Twenty-nine-year-old Kofi Kafui Kornu recalls with nostalgia the visits to his grandparents’ home in Ghana’s eastern Volta region during his childhood. Though he last visited the village three years ago, he cherishes memories of wine tappers partaking the local delicacy of silk worms.
“When the tappers returned home from their farms they carried a bowl of worms collected from the palm trees. The insects would be boiled and eaten as an accompaniment,” he said on the sidelines of an international agricultural conference in Accra.
The ICT and mathematics teaching assistant at the Catholic University College in Sunyani says although he did not get to eat the worms, he still shares the memories with his age mates.
“I can picture myself eating the worms and will definitely try them when I go to the village,” said Mr Kornu.
Experts at the conference called to look at ways to end endemic famine in the region see the consumption of insects as an alternative but rich and readily available source of nutrition.
Insect eating in Ghana, like in many African countries, is common. Up north, tribes like the Frafra also collect and fry termites attracted to light after rainfall. After the wings are plucked, the termites are fried without oil and eaten.
Kornu’s friends at the university often taunted him that once he started eating termites he would not stop. He counts himself fortunate for being exposed to his culture even though he was born and bred in the Tema area of the greater Accra region.
The most commonly consumed insect in Africa, according to the Food and Agriculture Organisation (FAO), is the cricket whose consumption preference of either being fried, smoked or dried in the sun depends on local communities.
In Algeria, the desert locust, which is a good protein source is ‘harvested’, soaked in salt water and dried in the sun and eaten mainly by the poor.
Caterpillar eating is common in central African countries and in Botswana, where either the legs of the caterpillars are plucked off and the insect deep-fried, or the gut removed before what is left is cooked.
Studies have shown that in every 100 grammes of dried caterpillars, there are about 53 grammes of protein, 15 per cent of fat and about 17 per cent of carbohydrates — which is a higher content of fat and protein than would be found in a similar amount of beef.
The Mopane worm found mainly in Zimbabwe is huge export business. It is dried and exported to Botswana, South Africa and sometimes onwards to African hotels in Europe.
In May, when the FAO released a report advocating more consumption of insects, it attracted support and criticism in equal measure. The report, Edible Insects: Future Prospects for Food and Feed Security, promotes the creatures as low-fat high-protein diets for people, pets and livestock.
Though currently two billion people eat insects globally, FAO has launched a campaign for their increased uptake as an alternative source of food for the continent’s growing population which is expected to double in 2050.
According to Dr Suresh Raina, a principal research scientist with the Nairobi-based International Centre of Insect Physiology and Ecology (Icipe), the uptake of insects though significant in Africa is greatly hindered by perceptions.
“So many people think about what the insects do when they are alive and where they have been and this negative picture actually creates the unpalatability perception in their minds,” he said.
Dr Raina says that urbanisation also plays a role, especially in cases where people who used to eat insects in their rural areas do not now want to be associated with what is seen as poverty.
“The public needs to be educated on the benefits of eating insects because they are more nutritious than red meat,” he said. “Most people are just put off because of the presentation of the cooked insects but if people came up with protein bars and shakes made from insects people would be more receptive.”

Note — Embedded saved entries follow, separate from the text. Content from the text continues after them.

Definition is_dcomplex (n : nat) : Prop :=
  [/\ [/\ (forall p q, linear (pr p q)), linear del & linear delb],
      (forall p q p' q' v, pr p q (pr p' q' v) = if (p == p') && (q == q') then pr p q v else 0),
      (forall p q v, (n < p)%N \/ (n < q)%N -> pr p q v = 0),
      (forall v, v = \sum_(p < n.+1) \sum_(q < n.+1) pr p q v) &
   [/\ (forall p q v, del (pr p q v) = pr p.+1 q (del v)),
       (forall p q v, delb (pr p q v) = pr p q.+1 (delb v)),
       (forall v, del (del v) = 0),
       (forall v, delb (delb v) = 0) &
       (forall v, del (delb v) + delb (del v) = 0)]].

(* total degree k (an integer; negative degrees contain only 0) *)
Definition is_deg (k : int) (v : V) : Prop :=
  match k with
  | Posz k => v = \sum_(p < k.+1) pr p (k - p) v
  | Negz _ => v = 0
  end.

Definition dd (v : V) : V := del v + delb v.
Definition LJ (v : V) : V := 'i *: (del v - delb v).

(* cocycles / coboundaries of ((ker L_J)^•, d) in degree k *)
Definition J_closed (k : int) (a : V) : Prop := [/\ is_deg k a, LJ a = 0 & dd a = 0].
Definition J_exact (k : int) (a : V) : Prop :=
  exists g, [/\ is_deg (k - 1) g, LJ g = 0 & a = dd g].

Definition dbar_closed (k : int) (a : V) : Prop := is_deg k a /\ delb a = 0.
Definition dbar_exact (k : int) (a : V) : Prop :=
  exists b, is_deg (k - 1) b /\ a = delb b.

Definition psi_injective (k : int) : Prop :=
  forall a, J_closed k a -> dbar_exact k a -> J_exact k a.
Definition psi_surjective (k : int) : Prop :=
  forall b, dbar_closed k b -> exists a, J_closed k a /\ dbar_exact k (b - a).
(* Let $n=T+1-t$. (i) The value $\tilde{V}_n^2(p_t,\nu_t)$ of the $n$-stage type 2 dual game $\tilde{\Gamma}_n^2(p_t,\nu_t)$ satisfies \[ \tilde{V}_n^2(p_t,\nu_t)=\max_{x\in X,\,u\in U,\,u_{:,0}\in\mathbb{R}^{|L|},\,\tilde{u}\in\mathbb{R}}\ \tilde{u} \] subject to \[ u_{:,0}+\nu_t\geq \tilde{u}\mathbf{1}, \] \[ \sum_{k\in K}{M^{kl}}^Tx_{k,h_1^A,h_1^B}+{u_{l,h_1^A,h_1^B}}^T\mathbf{1} \geq u_{l,0} \mathbf{1},\quad \forall l\in L, \] \[ \sum_{k\in K}{M^{kl}}^Tx_{k,h_{s+1}^A,h_{s+1}^B}+{u_{l,h_{s+1}^A,h_{s+1}^B}}^T\mathbf{1} \geq u_{l,h_{s}^A,h_{s}^B}^{a_{s},b_{s}}\mathbf{1},\quad \forall s=1,\ldots,n-1,\ l\in L,\ h_s^A\in H_s^A,\ h_s^B\in H_s^B, \] where $h_{s+1}^A=(h_s^A,a_s)$, $h_{s+1}^B=(h_s^B,b_s)$ (concatenation), $u_{l,h_n^A,h_n^B}$ is the zero matrix for all $l\in L$, $X$ is the set of player 1's realization plans (vectors satisfying $\mathbf{1}^T x_{k,h_s^A,h_s^B}=x_{k,h_{s-1}^A,h_{s-1}^B}^{a_{s-1}}$ and $x_{k,h_s^A,h_s^B}\geq\mathbf{0}$ for all $s,k,h_s^A,h_s^B$) with $x_{k,h_0^A,h_0^B}^{a_0}=p^k_t$, and $U$ is a real space of appropriate dimension. Player 1's security strategy at stage $t$ in the type 2 dual game is \[ \tilde{\sigma}^{*}_t(k,p_t,\nu_t)=\frac{x_{k,h_1^A,h_1^B}^{*}}{p^k_t}, \] where $x^*$ is an optimal solution of this LP. (ii) Similarly, for the type 1 dual game $\tilde{\Gamma}_T^1(\mu,q)$, with $\mu_t$ the regret on player 1's type and $q_t$ the belief on player 2's type at stage $t$, the value $\tilde{V}_n^1(\mu_t,q_t)$ of the $n$-stage type 1 dual game $\tilde{\Gamma}_n^1(\mu_t,q_t)$ satisfies \[ \tilde{V}_n^1(\mu_t,q_t)=\min_{y\in Y,\,w\in W,\,w_{:,0}\in\mathbb{R}^{|K|},\,\tilde{w}\in\mathbb{R}}\ \tilde{w} \] subject to \[ w_{:,0}+\mu_t \leq \tilde{w}\mathbf{1}, \] \[ \sum_{l\in L} M^{kl} y_{l,h_1^A,h_1^B}+w_{k,h_1^A,h_1^B}\mathbf{1} \leq w_{k,0}\mathbf{1},\quad\forall k\in K, \] \[ \sum_{l\in L} M^{kl} y_{l,h_{s+1}^A,h_{s+1}^B}+w_{k,h_{s+1}^A,h_{s+1}^B}\mathbf{1} \leq w_{k,h_{s}^A,h_{s}^B}^{a_{s},b_{s}}\mathbf{1},\quad\forall s=1,\ldots,n-1,\ k\in K,\ h_s^A\in H_s^A,\ h_s^B\in H_s^B, \] where $w_{k,h_n^A,h_n^B}$ is the zero matrix for all $k\in K$, $Y$ is the set of player 2's realization plans (vectors satisfying $\mathbf{1}^T y_{l,h_s^A,h_s^B}=y_{l,h_{s-1}^A,h_{s-1}^B}^{b_{s-1}}$ and $y_{l,h_s^A,h_s^B}\geq\mathbf{0}$) with $y_{l,h_0^A,h_0^B}^{b_0}=q^l_t$, and $W$ is a real space of appropriate dimension. Player 2's security strategy at stage $t$ in the type 1 dual game is \[ \tilde{\tau}^*_t(l,\mu_t,q_t)=\frac{y_{l,h_1^A,h_1^B}^*}{q^l_t}. \]
   Context: A two-player zero-sum $T$-stage repeated Bayesian game is given by finite type sets $K$ (player 1, maximizer) and $L$ (player 2, minimizer), finite action sets $A,B$, payoff matrices $M^{kl}\in\mathbb{R}^{|A|\times|B|}$ with entries $M^{kl}_{a,b}=M(k,l,a,b)$, and initial type distributions $p\in\Delta(K)$, $q\in\Delta(L)$; types are fixed, actions are announced publicly each stage, and the payoff is $\mathbb{E}\sum_{t=1}^T M(k,l,a_t,b_t)$. History action sequences are $h_s^A\in H_s^A=A^{s-1}$, $h_s^B\in H_s^B=B^{s-1}$. A realization plan of player 1 is $x_{k,h_s^A,h_s^B}^{a_s}=p^k\prod_{r=1}^s\sigma_r^{a_r}(k,h_r^A,h_r^B)$ (vector $x_{k,h_s^A,h_s^B}\in\mathbb{R}^{|A|}$), and of player 2 is $y_{l,h_s^A,h_s^B}^{b_s}=q^l\prod_{r=1}^s\tau_r^{b_r}(l,h_r^A,h_r^B)$; the variables $u_{l,h_s^A,h_s^B}$, $w_{k,h_s^A,h_s^B}$ are $|A|\times|B|$ matrices and $u_{l,0}$, $w_{k,0}$ scalars. In the type 2 dual game $\tilde{\Gamma}_T^2(p,\nu)$ with $\nu\in\mathbb{R}^{|L|}$, player 2 chooses his own type $l$ (by a distribution $q$) without informing player 1, player 1's type is drawn from $p$, and player 1's payoff is $\mathbb{E}(\nu^l+\sum_{t=1}^T M(k,l,a_t,b_t))$. In the type 1 dual game $\tilde{\Gamma}_T^1(\mu,q)$ with $\mu\in\mathbb{R}^{|K|}$, player 1 chooses his own type $k$ himself, player 2's type is drawn from $q$, and the payoff is $\mathbb{E}(\mu^k+\sum_{t=1}^T M(k,l,a_t,b_t))$. In the type 2 dual game, $p_t$ is the belief on player 1's type ($p_t^k=P(k\mid l,h_t^A,h_t^B)$, updated by Bayes' rule with $p_1=p$) and $\nu_t$ is the regret on player 2's type ($\nu_{t+1}^l=\nu_t^l+\sum_{k}p_{t+1}^kM^{kl}_{a_t,b_t}$, $\nu_1=\nu$); analogously in the type 1 dual game, $q_t$ is the belief on player 2's type and $\mu_{t+1}^k=\mu_t^k+\sum_l q_{t+1}^lM^{kl}_{a_t,b_t}$, $\mu_1=\mu$. *)

From HB Require Import structures.
From mathcomp Require Import all_boot all_order all_algebra.
From mathcomp Require Import reals.
Set Implicit Arguments. Unset Strict Implicit. Unset Printing Implicit Defensive.
Import Order.TTheory GRing.Theory Num.Theory.
Local Open Scope ring_scope.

The scientist admits that it will, however, take time before “high class” people in African cities walk into a restaurant and order a plate of worms or other edible insects, however, exquisitely they may have been cooked.
In line with the FAO’s campaign, Icipe has already dedicated a department for the mass production of caterpillars and grasshoppers to increase their population in areas where they are highly consumed.
Dr Raina, who is involved in a project to promote beekeeping for pollination purposes in Kenya, also wants to champion the consumption of drones locally and export them to a ready market in Japan.
“Male drones in the hives have now other work apart from populating with the queen bee and studies have shown that they are quite a high source of protein,” he says.
“So apart from farmers having a bumper harvest from the cross pollination and honey which they can sell, they will in time be able to harvest the drones to supplement their food stores,” he said.